# Cat ceramic substrate breakdown?



## nalexandrov (Jun 12, 2011)

So its seems that this question doesn't have a definite answer, each person seems to do it differently.

My preferred method would be to grind the honeycombs/pellets to around .5mm give or take and boil in a strong solution of naoh or koh. Apparently this works well, to weaken the PMG from the substrate but has the unfortunate side effect of creating soluble hydroxides of the PMG, lowering yield. The patent I got this from (cant find it atm) mentioned that platinum hydroxide could be precipitated and the solution filtered and added to the material which did not dissolve. It did not go into details on how to precipitate it, I believe it might have mentioned electrolytic methods. Does anyone have success with this, preferably lowering the volume of material atleast 80% for further extracting?

HCL boils were mentioned but I believe PGM might go into solution a little bit and also someone mentioned the solution thickens making filtration hard. What do you guys think?

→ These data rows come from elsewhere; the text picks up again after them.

(* Let $n \ge 3$, let $k,\ell \in \mathbb{N}_0$, $1 \le a_1 < \cdots < a_k < n$, $0 \le b_1 < \cdots < b_\ell < n$, and suppose the set $C=\{r^{a_1},\ldots,r^{a_k}, r^{b_1}s, \ldots, r^{b_\ell}s\}$ is closed under inversion in $\mathrm{Dih}(n)$. Let $G = \mathrm{Cay}(\mathrm{Dih}(n), C)$. For each $n$-th root of unity $\zeta$ let \[ A_\zeta = \begin{bmatrix} \sum_{j=1}^k \zeta^{a_j} & \sum_{j=1}^\ell \zeta^{-b_j} \\ \sum_{j=1}^\ell \zeta^{b_j} & \sum_{j=1}^k \zeta^{a_j}\end{bmatrix}. \] Then $G$ is a nut graph if and only if exactly one of the matrices $A_\zeta$ has $0$ as a simple eigenvalue, while all the other $A_\zeta$ are invertible.
   Context: $\mathrm{Dih}(n) = \langle r, s \mid r^n = s^2 = e,\ srs = r^{-1}\rangle$ is the dihedral group of order $2n$. For a finite group $\Gamma$ with identity $e$ and $C \subseteq \Gamma\setminus\{e\}$ closed under inversion, $\mathrm{Cay}(\Gamma, C)$ is the graph with vertex set $\Gamma$ in which $u,v$ are adjacent iff $vu^{-1}\in C$. A nut graph is a graph with at least two vertices whose adjacency matrix has eigenvalue $0$ with multiplicity exactly one, such that the corresponding eigenvector has no zero entries. *)

From HB Require Import structures.
From mathcomp Require Import all_boot all_order all_algebra all_field.
Set Implicit Arguments. Unset Strict Implicit. Unset Printing Implicit Defensive.
Import Order.TTheory GRing.Theory Num.Theory.
Local Open Scope ring_scope.

(* Dihedral group Dih(n) of order 2n: the element (i, e) stands for r^i s^e
   (e = false : r^i, e = true : r^i s), with i : 'I_n. *)
Definition Dih (n : nat) : finType := ('I_n * bool)%type.

Definition modI n (i : 'I_n) (m : nat) : 'I_n :=
  Ordinal (ltn_pmod m (leq_ltn_trans (leq0n i) (ltn_ord i))).

(* (r^i s^e)(r^j s^f) = r^(i + (-1)^e j) s^(e+f), using s r^j = r^(-j) s *)
Definition dih_mul n (x y : Dih n) : Dih n :=
  let: (i, e) := x in let: (j, f) := y in
  (modI i (i + (if e then n - j else j))%N, addb e f).

Definition dih_inv n (x : Dih n) : Dih n :=
  let: (i, e) := x in if e then (i, true) else (modI i (n - i)%N, false).

Definition Cset n (a b : seq nat) : {set Dih n} :=
  [set x : Dih n | if x.2 then (val x.1 \in b) else (val x.1 \in a)].

Definition cay_adj n (C : {set Dih n}) : rel (Dih n) :=
  fun u v => dih_mul v (dih_inv u) \in C.

Definition adjmx (T : finType) (e : rel T) : 'M[algC]_#|T| :=
  \matrix_(i, j) (e (enum_val i) (enum_val j))%:R.

Definition nut_graph (T : finType) (e : rel T) : Prop :=
  (1 < #|T|)%N /\
  mup 0 (char_poly (adjmx e)) = 1%N /\
  exists v : 'cV[algC]_#|T|, adjmx e *m v = 0 /\ v != 0 /\ forall i, v i 0 != 0.

Definition Amat (a b : seq nat) (z : algC) : 'M[algC]_2 :=
  \matrix_(i < 2, j < 2)
    if i == j then \sum_(x <- a) z ^+ x
    else if (val i == 0)%N then \sum_(x <- b) z ^- x
    else \sum_(x <- b) z ^+ x.

From HB Require Import structures.
From mathcomp Require Import all_boot all_order all_algebra all_field.
Set Implicit Arguments. Unset Strict Implicit. Unset Printing Implicit Defensive.
Import Order.TTheory GRing.Theory Num.Theory.
Local Open Scope ring_scope.

(* For an n-th root of unity z, the function r^p |-> z^p (zero on reflections)
   and the function r^p s |-> z^-p (zero on rotations) span a subspace that the
   adjacency matrix M of Cay(Dih(n), C) maps to itself, acting there by A_z;
   this is where inverse-closedness of C enters.  For z = w^k, w a primitive
   root, these 2n functions form a basis (orthogonality of the characters of
   Z/n), so M is similar to the block diagonal matrix with blocks A_(w^k) and
   the multiplicity of 0 in M is the sum of its multiplicities in the A_(w^k).
   It is 1 iff exactly one A_z is singular, with 0 simple.  Since A_z has equal
   diagonal entries, a kernel vector of it then has both coordinates nonzero,
   and it lifts to a kernel vector of M without zero entries. *)

Definition fun_mx (R : Type) (T : finType) (F : T -> T -> R) : 'M[R]_#|T| :=
  \matrix_(i, j) F (enum_val i) (enum_val j).

Lemma fun_mxE (R : Type) (T : finType) (F : T -> T -> R) i j :
  fun_mx F i j = F (enum_val i) (enum_val j).
Proof. by rewrite mxE. Qed.

Lemma sum_enum_val (R : nmodType) (T : finType) (F : T -> R) :
  \sum_(i < #|T|) F (enum_val i) = \sum_t F t.
Proof.
rewrite [RHS](reindex (fun i : 'I_#|T| => enum_val i)) //.
by exists enum_rank => t _; rewrite ?enum_valK ?enum_rankK.
Qed.

Lemma sum_pair (R : nmodType) (I J : finType) (F : I * J -> R) :
  \sum_p F p = \sum_i \sum_j F (i, j).
Proof. by rewrite pair_big; apply: eq_bigr => [[]]. Qed.

Lemma eq_fun_mx (R : Type) (T : finType) (F G : T -> T -> R) :
  (forall x y, F x y = G x y) -> fun_mx F = fun_mx G.
Proof. by move=> eFG; apply/matrixP => i j; rewrite !mxE eFG. Qed.

Lemma mulmx_fun (R : pzSemiRingType) (T : finType) (F G : T -> T -> R) :
  fun_mx F *m fun_mx G = fun_mx (fun x y => \sum_t F x t * G t y).
Proof.
apply/matrixP => i j; rewrite !mxE -[RHS]sum_enum_val.
by apply: eq_bigr => k _; rewrite !mxE.
Qed.

Lemma fun_mx_delta (R : pzSemiRingType) (T : finType) :
  fun_mx (fun x y : T => (x == y)%:R) = 1%:M :> 'M[R]_#|T|.
Proof. by apply/matrixP => i j; rewrite !mxE -[i == j](inj_eq enum_val_inj). Qed.

Lemma adjmxE (T : finType) (e : rel T) : adjmx e = fun_mx (fun x y => (e x y)%:R).
Proof. by []. Qed.

Lemma det_mx2 (R : comPzRingType) (A : 'M[R]_2) :
  \det A = A 0 0 * A 1 1 - A 0 1 * A 1 0.
Proof.
rewrite (expand_det_row _ 0) !big_ord_recl big_ord0 addr0 /cofactor !det_mx11 !mxE /=.
rewrite expr0 expr1 !mul1r mulN1r mulrN.
by congr (_ * A _ _ - A _ _ * A _ _); apply: val_inj.
Qed.

Definition bool_ord2 (b : bool) : 'I_2 := if b then 0 else 1.

Lemma bool_ord2_inj : injective bool_ord2.
Proof. by case=> [] [] // /(congr1 val). Qed.

Lemma bool_ord2_eq0 (i : 'I_2) : bool_ord2 (i == 0) = i.
Proof. by apply: val_inj; case: i => [[|[]]]. Qed.

Lemma sum_bool_ord2 (R : nmodType) (F : 'I_2 -> R) :
  \sum_(f : bool) F (bool_ord2 f) = \sum_(i < 2) F i.
Proof. by rewrite big_bool /= !big_ord_recl big_ord0 addr0; congr (_ + F _); apply: val_inj. Qed.

Definition block_diag2 (R : pzSemiRingType) m (B : 'I_m -> 'M[R]_2) :
    'M[R]_#|{: 'I_m * bool}| :=
  fun_mx (fun x y => if x.1 == y.1 then B x.1 (bool_ord2 x.2) (bool_ord2 y.2) else 0).

Section BlockDiag2.

Variable m : nat.

Lemma enum_ordS_bool : enum {: 'I_m.+1 * bool} =
  (ord0, true) :: (ord0, false) ::
  map (fun p : 'I_m * bool => (lift ord0 p.1, p.2)) (enum {: 'I_m * bool}).
Proof.
rewrite !enumT unlock /= /prod_enum enum_ordSl /=.
have -> : enum {: bool} = [:: true; false].
  by rewrite enumT unlock.
by congr (_ :: _ :: _); elim: (enum _) => //= x s ->.
Qed.

Lemma card_ordS_bool : #|{: 'I_m.+1 * bool}| = (2 + #|{: 'I_m * bool}|)%N.
Proof. by rewrite !cardT enum_ordS_bool /= size_map. Qed.

Let cast_ordS := cast_ord (esym card_ordS_bool).

Lemma enum_val_ordS_bool_lshift (i : 'I_2) :
  enum_val (cast_ordS (lshift _ i)) = (ord0, i == 0).
Proof. by rewrite (enum_val_nth (ord0, true)) enum_ordS_bool; case: i => [[|[]]]. Qed.

Lemma enum_val_ordS_bool_rshift (j : 'I_#|{: 'I_m * bool}|) :
  enum_val (cast_ordS (rshift 2 j)) = (lift ord0 (enum_val j).1, (enum_val j).2).
Proof.
rewrite (enum_val_nth (ord0, true)) enum_ordS_bool /= add0n.
by rewrite (nth_map (enum_val j)) -?cardT // -(enum_val_nth (enum_val j)).
Qed.

End BlockDiag2.

Lemma det_castmx (R : comPzRingType) m m' (e : m = m') (A : 'M[R]_m) :
  \det (castmx (e, e) A) = \det A.
Proof. by case: m' / e; rewrite castmx_id. Qed.

Lemma det_block_diag2 (R : comPzRingType) m (B : 'I_m -> 'M[R]_2) :
  \det (block_diag2 B) = \prod_k \det (B k).
Proof.
elim: m B => [|m IH] B.
  have e : #|{: 'I_0 * bool}| = 0%N by rewrite card_prod card_ord.
  by rewrite -(det_castmx e) det_mx00 big_ord0.
rewrite -(det_castmx (card_ordS_bool m)) big_ord_recl -(IH (fun k => B (lift ord0 k))).
rewrite -(det_ublock _ 0); congr (\det _).
apply/matrixP => i j; rewrite castmxE /=.
rewrite -(splitK i) -(splitK j); case: (split i) (split j) => i' [] j' /=.
- by rewrite block_mxEul fun_mxE !enum_val_ordS_bool_lshift /= !bool_ord2_eq0.
- by rewrite block_mxEur fun_mxE enum_val_ordS_bool_lshift enum_val_ordS_bool_rshift mxE.
- by rewrite block_mxEdl fun_mxE enum_val_ordS_bool_lshift enum_val_ordS_bool_rshift mxE.
- by rewrite block_mxEdr !fun_mxE !enum_val_ordS_bool_rshift /= (inj_eq lift_inj).
Qed.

What would you guys recommend for dissolving the majority of the substrate?


----------



## Oz (Jun 12, 2011)

nalexandrov said:


> What would you guys recommend for dissolving the majority of the substrate?


Answer; Don’t do it.

I have not heard of a good efficient process that approaches catalytic converter processing from the standpoint of dissolving the substrate away from the very finely divided values as a production process. I am open to being taught otherwise however.


----------